**Task item**
Every line in the records below between the one holding "suff -> : Pdiv.Ring.rmodp" and the one holding "Proof. by case: x", inclusive, is to be set down exactly; all other lines are to be left out.
※ ※ ※
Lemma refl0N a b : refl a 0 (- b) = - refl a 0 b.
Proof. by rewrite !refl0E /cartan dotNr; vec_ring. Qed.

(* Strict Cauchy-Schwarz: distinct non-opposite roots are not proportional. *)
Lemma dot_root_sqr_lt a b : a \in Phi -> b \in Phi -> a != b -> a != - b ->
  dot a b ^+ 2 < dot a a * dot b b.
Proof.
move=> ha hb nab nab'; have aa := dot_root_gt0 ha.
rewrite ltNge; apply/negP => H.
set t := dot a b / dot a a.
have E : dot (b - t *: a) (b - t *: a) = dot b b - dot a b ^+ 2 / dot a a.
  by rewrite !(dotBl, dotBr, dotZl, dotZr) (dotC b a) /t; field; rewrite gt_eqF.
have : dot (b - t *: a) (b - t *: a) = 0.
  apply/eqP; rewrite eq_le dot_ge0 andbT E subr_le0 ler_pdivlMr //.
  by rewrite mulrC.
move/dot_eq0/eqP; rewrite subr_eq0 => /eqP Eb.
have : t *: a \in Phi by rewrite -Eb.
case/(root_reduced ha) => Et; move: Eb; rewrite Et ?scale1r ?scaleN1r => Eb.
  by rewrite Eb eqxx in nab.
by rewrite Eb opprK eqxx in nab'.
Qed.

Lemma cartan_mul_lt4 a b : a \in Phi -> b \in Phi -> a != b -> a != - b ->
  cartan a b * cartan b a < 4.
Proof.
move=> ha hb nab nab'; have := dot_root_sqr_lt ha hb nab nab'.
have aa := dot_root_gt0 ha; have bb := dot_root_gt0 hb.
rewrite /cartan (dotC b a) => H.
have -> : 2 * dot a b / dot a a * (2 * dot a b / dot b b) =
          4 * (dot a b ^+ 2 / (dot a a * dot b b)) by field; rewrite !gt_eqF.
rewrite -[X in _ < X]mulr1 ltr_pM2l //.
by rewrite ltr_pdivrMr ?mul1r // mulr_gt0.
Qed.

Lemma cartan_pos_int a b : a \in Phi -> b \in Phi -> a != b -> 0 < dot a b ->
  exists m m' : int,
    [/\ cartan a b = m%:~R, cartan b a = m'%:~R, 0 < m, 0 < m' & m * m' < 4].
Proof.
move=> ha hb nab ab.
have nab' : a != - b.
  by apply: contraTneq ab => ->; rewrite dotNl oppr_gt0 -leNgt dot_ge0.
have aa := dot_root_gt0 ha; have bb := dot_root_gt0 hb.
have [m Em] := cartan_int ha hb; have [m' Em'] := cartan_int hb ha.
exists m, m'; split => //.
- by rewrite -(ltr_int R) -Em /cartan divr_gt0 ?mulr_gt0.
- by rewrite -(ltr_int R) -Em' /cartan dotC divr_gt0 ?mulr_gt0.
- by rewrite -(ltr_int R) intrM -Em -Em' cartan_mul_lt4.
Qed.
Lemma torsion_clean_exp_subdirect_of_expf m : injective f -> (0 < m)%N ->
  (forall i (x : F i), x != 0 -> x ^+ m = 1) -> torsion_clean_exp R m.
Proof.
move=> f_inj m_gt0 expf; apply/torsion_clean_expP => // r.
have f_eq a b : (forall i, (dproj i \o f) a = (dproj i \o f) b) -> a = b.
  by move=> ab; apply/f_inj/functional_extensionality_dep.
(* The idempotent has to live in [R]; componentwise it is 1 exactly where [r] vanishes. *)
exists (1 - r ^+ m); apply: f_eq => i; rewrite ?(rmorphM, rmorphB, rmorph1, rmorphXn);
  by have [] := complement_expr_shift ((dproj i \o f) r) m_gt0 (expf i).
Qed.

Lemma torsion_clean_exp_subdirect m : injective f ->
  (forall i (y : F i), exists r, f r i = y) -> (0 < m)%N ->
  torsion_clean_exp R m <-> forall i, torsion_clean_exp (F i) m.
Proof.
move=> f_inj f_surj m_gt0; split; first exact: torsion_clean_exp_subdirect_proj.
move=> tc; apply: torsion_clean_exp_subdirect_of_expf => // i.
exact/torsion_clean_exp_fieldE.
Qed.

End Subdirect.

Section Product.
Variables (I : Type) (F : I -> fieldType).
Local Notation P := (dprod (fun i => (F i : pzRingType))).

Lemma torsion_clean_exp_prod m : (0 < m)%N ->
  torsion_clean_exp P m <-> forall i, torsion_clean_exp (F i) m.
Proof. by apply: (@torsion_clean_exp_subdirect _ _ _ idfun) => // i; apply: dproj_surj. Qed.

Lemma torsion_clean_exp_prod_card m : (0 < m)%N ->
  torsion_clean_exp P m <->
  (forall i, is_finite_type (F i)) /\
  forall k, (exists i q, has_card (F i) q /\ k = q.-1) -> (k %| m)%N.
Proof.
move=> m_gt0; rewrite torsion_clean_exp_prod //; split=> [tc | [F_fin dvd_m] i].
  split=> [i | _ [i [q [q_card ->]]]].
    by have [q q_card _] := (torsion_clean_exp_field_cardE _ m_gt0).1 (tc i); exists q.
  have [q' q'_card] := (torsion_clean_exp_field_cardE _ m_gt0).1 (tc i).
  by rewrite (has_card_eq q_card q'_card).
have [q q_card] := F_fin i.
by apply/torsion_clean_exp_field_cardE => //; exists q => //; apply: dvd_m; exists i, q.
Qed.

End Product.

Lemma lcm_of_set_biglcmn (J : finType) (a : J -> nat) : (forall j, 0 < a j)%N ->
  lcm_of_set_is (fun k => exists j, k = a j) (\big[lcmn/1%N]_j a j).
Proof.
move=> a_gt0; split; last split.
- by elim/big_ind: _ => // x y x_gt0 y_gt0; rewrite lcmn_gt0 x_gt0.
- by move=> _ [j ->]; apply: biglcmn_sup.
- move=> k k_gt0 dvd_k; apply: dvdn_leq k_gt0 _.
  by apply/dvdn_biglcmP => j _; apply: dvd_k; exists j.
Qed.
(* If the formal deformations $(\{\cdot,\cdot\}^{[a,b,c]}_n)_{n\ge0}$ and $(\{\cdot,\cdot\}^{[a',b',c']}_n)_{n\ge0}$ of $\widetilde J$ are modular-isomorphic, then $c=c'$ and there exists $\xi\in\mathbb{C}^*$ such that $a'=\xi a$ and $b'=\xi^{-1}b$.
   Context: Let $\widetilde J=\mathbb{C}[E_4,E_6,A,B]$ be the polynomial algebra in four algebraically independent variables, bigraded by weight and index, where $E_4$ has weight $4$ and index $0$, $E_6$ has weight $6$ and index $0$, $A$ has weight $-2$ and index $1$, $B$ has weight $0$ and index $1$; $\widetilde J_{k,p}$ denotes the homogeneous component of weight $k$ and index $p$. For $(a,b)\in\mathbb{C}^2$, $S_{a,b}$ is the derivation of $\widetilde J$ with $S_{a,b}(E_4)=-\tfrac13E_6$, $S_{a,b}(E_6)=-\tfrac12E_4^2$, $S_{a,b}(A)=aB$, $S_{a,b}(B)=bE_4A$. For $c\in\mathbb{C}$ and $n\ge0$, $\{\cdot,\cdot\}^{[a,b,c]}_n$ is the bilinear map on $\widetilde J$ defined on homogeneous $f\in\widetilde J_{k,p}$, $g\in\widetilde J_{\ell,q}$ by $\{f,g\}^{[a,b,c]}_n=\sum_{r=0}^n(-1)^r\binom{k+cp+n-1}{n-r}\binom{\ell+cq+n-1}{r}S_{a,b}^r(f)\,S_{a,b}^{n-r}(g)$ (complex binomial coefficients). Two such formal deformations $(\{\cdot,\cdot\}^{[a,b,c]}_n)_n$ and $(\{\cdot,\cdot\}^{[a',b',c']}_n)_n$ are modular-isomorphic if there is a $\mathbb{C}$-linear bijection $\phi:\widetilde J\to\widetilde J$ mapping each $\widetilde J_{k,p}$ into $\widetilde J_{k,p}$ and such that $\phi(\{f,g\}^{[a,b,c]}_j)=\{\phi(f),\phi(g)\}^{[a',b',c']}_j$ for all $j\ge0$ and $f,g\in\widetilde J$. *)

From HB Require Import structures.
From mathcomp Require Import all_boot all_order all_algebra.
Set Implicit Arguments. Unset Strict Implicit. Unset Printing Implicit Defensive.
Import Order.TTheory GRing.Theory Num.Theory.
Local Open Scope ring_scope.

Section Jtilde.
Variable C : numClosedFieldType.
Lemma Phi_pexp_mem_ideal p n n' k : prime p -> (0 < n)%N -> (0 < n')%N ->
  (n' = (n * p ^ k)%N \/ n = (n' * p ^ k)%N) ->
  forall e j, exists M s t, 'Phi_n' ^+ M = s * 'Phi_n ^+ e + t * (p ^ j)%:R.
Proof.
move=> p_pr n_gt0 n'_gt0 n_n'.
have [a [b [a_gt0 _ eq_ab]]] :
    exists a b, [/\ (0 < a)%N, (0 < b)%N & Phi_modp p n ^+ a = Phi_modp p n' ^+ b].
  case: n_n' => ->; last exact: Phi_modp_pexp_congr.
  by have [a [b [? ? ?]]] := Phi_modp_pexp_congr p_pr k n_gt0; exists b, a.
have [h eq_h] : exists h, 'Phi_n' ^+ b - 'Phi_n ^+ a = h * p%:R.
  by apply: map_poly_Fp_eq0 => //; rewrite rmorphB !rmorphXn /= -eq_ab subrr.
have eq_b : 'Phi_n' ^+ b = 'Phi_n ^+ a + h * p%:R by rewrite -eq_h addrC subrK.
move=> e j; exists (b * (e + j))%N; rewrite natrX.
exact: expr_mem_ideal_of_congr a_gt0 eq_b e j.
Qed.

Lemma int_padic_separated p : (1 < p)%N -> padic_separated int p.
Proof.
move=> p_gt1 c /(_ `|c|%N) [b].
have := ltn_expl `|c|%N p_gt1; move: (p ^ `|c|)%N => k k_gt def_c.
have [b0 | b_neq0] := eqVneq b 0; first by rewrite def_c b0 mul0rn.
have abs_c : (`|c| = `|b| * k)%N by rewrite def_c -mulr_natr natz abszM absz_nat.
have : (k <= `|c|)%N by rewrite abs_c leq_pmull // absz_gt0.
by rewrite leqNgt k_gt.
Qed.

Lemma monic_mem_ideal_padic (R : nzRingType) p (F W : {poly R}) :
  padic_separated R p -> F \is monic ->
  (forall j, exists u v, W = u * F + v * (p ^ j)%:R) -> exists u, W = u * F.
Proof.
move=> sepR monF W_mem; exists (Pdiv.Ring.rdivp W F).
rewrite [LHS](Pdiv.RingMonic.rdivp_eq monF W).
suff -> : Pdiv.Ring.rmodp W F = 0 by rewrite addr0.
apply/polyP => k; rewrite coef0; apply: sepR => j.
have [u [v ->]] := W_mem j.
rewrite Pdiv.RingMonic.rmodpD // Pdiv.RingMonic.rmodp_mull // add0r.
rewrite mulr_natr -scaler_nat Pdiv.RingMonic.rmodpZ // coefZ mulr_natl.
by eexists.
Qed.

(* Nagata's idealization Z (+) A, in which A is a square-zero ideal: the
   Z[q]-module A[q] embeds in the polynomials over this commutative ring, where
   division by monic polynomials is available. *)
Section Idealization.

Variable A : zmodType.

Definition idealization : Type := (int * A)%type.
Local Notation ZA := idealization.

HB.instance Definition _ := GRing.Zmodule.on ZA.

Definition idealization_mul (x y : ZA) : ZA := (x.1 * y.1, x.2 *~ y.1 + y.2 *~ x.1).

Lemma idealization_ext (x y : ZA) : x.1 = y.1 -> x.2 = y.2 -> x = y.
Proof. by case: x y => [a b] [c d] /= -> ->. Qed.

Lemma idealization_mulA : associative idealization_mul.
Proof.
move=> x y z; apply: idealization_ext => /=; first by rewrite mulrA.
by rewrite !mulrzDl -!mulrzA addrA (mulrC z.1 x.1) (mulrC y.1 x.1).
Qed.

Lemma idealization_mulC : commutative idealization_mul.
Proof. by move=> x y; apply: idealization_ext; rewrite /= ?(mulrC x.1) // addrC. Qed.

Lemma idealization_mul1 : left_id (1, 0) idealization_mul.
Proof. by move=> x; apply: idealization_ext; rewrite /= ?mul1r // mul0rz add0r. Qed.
※ ※ ※
**Reply**
suff -> : Pdiv.Ring.rmodp W F = 0 by rewrite addr0.
apply/polyP => k; rewrite coef0; apply: sepR => j.
have [u [v ->]] := W_mem j.
rewrite Pdiv.RingMonic.rmodpD // Pdiv.RingMonic.rmodp_mull // add0r.
rewrite mulr_natr -scaler_nat Pdiv.RingMonic.rmodpZ // coefZ mulr_natl.
by eexists.
Qed.

(* Nagata's idealization Z (+) A, in which A is a square-zero ideal: the
   Z[q]-module A[q] embeds in the polynomials over this commutative ring, where
   division by monic polynomials is available. *)
Section Idealization.

Variable A : zmodType.

Definition idealization : Type := (int * A)%type.
Local Notation ZA := idealization.

HB.instance Definition _ := GRing.Zmodule.on ZA.

Definition idealization_mul (x y : ZA) : ZA := (x.1 * y.1, x.2 *~ y.1 + y.2 *~ x.1).

Lemma idealization_ext (x y : ZA) : x.1 = y.1 -> x.2 = y.2 -> x = y.
Proof. by case: x y => [a b] [c d] /= -> ->. Qed.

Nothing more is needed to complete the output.